Problem details
If a line below contains the word "assert", count it; give only the total.

Segment Open

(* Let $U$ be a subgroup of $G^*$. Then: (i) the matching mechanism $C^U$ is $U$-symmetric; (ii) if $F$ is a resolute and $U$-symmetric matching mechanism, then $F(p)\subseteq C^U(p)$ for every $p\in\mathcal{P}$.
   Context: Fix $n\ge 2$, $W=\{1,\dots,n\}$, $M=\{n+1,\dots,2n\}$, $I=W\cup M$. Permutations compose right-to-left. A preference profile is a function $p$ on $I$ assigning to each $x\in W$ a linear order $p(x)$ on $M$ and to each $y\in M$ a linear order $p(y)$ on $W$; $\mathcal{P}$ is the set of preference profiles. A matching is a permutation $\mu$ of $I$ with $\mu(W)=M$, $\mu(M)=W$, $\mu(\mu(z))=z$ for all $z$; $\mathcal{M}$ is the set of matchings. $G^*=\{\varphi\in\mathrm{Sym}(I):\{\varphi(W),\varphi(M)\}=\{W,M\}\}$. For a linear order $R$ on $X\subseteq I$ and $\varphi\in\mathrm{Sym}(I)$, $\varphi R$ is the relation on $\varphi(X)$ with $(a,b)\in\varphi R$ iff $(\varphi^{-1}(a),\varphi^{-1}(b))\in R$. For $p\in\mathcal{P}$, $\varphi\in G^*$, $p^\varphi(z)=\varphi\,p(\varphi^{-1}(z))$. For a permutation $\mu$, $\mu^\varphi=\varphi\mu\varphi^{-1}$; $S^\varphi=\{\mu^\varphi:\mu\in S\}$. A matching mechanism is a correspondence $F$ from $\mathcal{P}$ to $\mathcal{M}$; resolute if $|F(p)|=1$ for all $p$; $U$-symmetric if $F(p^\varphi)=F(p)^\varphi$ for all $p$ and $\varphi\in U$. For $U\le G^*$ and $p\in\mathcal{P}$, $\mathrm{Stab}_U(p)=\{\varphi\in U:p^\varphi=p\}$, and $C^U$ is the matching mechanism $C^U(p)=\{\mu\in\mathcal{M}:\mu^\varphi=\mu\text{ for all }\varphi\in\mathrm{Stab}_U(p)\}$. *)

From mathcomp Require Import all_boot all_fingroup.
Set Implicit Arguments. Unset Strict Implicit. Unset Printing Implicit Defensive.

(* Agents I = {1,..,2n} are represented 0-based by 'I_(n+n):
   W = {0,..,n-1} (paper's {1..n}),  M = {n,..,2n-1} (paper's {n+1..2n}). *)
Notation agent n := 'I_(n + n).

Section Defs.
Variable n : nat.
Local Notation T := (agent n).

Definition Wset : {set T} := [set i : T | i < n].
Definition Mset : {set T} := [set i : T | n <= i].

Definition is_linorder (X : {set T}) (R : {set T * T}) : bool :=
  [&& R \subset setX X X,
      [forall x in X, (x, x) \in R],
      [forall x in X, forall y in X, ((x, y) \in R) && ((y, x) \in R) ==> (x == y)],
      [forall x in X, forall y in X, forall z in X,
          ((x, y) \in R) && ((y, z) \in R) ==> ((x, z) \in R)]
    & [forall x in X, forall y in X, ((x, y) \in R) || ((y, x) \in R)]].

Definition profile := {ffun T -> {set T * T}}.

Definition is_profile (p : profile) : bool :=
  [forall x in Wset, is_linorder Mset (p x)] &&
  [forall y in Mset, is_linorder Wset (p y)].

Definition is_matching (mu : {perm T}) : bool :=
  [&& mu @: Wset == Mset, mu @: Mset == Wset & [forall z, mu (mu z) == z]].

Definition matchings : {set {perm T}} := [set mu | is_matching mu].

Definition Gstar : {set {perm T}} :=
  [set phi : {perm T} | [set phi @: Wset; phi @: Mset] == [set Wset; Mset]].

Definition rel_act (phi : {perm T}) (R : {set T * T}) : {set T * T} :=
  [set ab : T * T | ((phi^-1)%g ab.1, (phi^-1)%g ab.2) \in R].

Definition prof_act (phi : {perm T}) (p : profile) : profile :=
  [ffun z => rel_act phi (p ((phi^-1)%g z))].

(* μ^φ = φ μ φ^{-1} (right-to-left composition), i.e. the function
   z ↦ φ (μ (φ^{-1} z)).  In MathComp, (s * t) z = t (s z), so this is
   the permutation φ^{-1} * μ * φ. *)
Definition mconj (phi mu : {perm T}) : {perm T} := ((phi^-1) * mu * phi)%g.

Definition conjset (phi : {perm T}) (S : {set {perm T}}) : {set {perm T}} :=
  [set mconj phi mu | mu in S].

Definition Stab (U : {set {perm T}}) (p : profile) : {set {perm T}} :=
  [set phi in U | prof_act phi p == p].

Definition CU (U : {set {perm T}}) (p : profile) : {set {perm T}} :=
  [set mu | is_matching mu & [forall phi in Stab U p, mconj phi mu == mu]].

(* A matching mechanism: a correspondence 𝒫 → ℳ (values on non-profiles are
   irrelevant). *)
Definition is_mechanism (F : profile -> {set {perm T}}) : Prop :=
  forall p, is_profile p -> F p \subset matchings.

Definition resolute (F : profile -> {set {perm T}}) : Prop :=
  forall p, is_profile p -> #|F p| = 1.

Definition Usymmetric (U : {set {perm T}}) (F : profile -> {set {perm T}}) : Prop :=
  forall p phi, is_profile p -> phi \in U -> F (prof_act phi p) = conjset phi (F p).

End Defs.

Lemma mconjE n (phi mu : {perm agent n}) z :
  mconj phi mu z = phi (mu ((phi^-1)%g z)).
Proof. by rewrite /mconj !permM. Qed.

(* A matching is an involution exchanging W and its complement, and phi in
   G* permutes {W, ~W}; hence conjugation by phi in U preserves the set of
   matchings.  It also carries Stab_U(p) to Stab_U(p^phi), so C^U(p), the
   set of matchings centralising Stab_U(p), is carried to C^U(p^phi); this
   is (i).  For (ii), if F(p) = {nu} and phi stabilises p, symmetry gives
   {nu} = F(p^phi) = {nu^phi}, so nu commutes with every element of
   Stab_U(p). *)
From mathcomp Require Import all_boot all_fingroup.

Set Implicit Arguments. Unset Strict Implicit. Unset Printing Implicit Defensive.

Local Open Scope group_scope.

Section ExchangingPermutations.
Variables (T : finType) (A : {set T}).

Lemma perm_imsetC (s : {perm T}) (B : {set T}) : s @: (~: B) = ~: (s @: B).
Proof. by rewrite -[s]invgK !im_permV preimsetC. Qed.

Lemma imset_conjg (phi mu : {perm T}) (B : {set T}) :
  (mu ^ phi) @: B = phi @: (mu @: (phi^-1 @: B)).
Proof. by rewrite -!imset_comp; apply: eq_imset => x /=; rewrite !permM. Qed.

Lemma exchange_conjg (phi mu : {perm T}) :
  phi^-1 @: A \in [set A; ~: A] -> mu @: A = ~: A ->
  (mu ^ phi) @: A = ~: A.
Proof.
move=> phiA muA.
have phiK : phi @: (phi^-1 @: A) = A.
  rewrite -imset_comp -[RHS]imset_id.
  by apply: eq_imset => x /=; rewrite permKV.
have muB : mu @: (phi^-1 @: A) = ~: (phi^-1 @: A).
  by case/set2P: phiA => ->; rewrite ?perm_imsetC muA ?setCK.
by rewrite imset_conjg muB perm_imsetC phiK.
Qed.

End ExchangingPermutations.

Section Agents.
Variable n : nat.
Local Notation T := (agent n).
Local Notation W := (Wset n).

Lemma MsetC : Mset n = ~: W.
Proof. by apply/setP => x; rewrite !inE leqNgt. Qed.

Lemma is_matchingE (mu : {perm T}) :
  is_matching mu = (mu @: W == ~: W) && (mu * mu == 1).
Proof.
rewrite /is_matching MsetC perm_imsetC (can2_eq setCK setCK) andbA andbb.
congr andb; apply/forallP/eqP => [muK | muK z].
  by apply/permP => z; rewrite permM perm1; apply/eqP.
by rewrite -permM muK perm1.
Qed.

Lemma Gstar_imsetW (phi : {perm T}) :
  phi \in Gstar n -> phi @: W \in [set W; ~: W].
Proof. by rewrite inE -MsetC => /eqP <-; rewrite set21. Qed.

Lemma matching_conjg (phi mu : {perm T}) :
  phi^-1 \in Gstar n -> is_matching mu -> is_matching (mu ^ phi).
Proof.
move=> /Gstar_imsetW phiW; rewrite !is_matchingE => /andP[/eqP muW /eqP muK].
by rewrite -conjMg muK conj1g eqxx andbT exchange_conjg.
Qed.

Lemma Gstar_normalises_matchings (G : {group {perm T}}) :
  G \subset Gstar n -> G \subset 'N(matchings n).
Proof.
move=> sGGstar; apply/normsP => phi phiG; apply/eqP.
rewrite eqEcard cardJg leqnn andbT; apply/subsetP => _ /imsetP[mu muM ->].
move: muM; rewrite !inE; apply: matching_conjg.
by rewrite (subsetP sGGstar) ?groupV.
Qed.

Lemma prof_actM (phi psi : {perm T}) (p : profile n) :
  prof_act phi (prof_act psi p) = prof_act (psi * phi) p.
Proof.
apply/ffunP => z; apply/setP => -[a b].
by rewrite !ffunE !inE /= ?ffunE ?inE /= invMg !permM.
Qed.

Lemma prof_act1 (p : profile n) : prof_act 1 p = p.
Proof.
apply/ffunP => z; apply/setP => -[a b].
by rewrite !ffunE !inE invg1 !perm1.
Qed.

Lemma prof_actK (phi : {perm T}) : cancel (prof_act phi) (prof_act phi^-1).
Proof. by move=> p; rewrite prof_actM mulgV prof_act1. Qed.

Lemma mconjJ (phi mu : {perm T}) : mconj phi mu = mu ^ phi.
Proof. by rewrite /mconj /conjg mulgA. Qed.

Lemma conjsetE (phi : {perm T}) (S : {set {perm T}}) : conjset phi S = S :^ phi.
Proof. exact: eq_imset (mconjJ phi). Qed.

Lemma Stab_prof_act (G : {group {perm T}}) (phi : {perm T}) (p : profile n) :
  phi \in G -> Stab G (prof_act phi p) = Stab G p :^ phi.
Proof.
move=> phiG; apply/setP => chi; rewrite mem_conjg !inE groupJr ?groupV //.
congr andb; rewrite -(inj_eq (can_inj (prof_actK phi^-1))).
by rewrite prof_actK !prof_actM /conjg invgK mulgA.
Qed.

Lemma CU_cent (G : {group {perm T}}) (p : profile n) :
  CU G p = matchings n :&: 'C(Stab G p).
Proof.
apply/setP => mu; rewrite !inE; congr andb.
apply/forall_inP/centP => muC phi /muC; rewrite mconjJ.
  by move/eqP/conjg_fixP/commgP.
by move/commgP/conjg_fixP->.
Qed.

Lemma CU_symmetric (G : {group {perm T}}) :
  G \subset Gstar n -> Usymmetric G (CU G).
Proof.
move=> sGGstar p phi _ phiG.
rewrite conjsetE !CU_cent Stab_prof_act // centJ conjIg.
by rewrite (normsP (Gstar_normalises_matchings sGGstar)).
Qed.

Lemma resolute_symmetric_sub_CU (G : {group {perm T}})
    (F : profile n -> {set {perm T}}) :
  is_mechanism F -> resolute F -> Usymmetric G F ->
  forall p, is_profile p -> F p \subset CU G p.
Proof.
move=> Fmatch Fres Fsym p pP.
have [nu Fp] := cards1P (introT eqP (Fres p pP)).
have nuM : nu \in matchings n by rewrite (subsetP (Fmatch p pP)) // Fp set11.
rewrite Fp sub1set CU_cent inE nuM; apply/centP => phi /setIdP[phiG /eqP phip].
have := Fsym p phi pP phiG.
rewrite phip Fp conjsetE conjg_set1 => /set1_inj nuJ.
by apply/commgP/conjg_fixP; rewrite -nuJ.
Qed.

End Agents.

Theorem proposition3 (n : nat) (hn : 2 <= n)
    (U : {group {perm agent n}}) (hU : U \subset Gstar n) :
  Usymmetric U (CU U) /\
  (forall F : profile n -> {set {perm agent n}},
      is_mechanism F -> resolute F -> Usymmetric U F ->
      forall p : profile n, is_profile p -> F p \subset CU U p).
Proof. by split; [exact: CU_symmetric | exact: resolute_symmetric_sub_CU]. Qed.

Segment Closed
Segment Open

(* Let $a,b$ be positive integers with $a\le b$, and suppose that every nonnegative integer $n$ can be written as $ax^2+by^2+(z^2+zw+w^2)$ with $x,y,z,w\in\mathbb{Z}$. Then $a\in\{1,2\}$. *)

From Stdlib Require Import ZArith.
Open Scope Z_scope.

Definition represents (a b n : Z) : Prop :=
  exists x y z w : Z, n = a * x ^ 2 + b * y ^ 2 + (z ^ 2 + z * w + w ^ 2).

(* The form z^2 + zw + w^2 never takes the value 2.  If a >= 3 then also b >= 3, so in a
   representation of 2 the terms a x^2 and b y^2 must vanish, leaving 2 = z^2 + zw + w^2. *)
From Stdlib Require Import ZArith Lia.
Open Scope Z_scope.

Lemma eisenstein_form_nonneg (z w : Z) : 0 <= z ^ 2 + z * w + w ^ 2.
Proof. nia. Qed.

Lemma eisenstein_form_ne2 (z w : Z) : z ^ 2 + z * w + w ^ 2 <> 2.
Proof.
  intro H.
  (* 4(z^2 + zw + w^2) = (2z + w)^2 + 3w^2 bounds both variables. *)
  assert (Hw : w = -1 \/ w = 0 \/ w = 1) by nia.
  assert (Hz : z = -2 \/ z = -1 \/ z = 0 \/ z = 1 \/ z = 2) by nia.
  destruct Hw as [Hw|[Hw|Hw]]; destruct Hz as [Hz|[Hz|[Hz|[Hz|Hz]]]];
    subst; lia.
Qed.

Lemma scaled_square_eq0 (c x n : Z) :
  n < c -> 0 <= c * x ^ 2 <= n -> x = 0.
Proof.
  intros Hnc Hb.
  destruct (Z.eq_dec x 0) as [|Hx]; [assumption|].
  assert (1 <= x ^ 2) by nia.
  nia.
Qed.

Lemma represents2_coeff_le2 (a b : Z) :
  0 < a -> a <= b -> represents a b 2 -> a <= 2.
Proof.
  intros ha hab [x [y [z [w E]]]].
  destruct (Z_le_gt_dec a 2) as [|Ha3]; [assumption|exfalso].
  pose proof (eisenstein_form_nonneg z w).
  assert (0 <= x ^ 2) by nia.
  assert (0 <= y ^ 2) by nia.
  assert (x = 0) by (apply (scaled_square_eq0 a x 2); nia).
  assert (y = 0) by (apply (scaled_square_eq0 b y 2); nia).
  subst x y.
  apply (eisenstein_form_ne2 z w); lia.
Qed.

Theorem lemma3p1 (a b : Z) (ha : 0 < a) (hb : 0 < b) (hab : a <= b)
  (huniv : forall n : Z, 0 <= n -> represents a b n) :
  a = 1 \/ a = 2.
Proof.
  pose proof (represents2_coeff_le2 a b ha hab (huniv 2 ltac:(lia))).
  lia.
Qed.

Segment Closed
Segment Open

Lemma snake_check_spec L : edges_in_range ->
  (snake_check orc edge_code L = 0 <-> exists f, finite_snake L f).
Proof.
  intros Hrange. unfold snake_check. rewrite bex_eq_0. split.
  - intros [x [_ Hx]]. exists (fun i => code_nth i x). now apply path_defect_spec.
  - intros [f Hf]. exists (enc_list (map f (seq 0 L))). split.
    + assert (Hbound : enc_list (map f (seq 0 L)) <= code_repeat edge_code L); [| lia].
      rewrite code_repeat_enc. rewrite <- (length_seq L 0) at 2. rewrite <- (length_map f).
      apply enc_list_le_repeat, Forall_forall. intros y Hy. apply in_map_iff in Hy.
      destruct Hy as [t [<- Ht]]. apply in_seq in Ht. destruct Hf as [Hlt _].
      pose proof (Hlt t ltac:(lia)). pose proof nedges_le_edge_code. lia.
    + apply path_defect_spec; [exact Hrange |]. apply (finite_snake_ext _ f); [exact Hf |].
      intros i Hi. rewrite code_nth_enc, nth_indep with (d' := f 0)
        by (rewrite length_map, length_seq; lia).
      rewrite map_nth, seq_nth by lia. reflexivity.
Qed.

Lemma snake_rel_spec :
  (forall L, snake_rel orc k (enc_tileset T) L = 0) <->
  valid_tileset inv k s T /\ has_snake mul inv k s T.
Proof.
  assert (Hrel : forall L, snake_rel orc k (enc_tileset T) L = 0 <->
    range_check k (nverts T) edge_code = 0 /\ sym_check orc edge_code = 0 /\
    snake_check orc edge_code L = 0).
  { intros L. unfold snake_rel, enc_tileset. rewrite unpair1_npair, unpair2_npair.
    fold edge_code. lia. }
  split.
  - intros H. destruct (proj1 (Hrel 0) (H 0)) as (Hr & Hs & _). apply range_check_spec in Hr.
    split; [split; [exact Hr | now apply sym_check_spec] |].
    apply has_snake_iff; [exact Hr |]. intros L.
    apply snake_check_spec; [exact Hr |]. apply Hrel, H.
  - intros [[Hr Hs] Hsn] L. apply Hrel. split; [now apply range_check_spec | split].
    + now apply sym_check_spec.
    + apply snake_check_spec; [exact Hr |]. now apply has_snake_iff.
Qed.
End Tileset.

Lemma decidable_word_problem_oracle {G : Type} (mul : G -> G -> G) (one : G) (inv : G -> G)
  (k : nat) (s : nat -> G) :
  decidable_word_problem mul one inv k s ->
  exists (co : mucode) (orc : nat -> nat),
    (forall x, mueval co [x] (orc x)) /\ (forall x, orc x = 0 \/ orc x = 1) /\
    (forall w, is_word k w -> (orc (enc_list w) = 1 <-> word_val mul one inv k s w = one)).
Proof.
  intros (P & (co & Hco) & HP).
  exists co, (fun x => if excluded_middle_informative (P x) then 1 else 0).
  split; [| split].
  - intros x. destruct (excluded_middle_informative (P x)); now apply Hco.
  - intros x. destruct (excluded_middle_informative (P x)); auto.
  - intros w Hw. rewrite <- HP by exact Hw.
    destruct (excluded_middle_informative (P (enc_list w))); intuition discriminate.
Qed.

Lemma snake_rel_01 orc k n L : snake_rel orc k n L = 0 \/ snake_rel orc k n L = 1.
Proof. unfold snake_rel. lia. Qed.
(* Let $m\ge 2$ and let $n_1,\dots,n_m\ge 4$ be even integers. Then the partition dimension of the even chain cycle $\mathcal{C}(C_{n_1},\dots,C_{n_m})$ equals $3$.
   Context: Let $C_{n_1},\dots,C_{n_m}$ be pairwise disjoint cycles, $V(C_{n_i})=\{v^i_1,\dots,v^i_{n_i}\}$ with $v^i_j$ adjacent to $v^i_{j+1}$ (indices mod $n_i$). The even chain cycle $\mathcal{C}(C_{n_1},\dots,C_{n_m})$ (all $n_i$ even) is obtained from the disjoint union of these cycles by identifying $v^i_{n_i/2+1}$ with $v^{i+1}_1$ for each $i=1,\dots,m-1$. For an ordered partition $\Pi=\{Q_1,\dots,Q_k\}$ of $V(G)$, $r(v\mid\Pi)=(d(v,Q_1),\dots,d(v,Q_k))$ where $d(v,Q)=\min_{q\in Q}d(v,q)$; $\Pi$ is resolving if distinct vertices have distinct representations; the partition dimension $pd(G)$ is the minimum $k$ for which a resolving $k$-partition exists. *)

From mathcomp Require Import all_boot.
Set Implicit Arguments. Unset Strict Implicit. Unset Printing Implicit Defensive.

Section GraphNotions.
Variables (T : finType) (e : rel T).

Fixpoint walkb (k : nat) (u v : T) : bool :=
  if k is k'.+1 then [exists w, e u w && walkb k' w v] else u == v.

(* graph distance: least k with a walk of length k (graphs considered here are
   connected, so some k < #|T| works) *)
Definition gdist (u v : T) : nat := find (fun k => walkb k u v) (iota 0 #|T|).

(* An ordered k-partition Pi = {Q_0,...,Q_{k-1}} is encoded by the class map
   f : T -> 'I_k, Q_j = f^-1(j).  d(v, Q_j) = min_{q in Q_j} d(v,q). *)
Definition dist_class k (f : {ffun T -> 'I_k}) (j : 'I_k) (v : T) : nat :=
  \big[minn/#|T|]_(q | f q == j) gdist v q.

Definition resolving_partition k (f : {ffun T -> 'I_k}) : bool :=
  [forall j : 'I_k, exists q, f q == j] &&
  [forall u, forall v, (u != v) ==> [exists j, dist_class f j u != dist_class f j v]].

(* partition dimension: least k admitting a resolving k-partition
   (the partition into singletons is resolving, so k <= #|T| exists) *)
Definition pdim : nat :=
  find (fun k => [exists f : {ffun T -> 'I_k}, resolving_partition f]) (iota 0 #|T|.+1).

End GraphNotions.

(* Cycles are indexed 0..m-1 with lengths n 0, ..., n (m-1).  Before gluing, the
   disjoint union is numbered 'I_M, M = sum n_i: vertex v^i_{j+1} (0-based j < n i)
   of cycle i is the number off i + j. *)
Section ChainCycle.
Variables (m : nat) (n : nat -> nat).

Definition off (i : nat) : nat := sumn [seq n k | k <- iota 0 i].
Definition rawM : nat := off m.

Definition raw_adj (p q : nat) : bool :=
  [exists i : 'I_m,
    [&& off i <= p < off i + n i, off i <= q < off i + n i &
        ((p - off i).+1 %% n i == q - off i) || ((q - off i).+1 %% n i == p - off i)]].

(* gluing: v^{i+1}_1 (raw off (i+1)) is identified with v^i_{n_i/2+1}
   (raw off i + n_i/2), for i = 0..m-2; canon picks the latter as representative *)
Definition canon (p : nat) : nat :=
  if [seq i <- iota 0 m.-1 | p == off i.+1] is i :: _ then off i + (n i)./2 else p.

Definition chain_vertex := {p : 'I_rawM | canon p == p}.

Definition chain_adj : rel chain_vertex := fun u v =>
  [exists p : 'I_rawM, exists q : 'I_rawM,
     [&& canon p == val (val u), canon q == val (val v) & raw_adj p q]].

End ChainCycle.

Segment Closed

Response to the exercise
9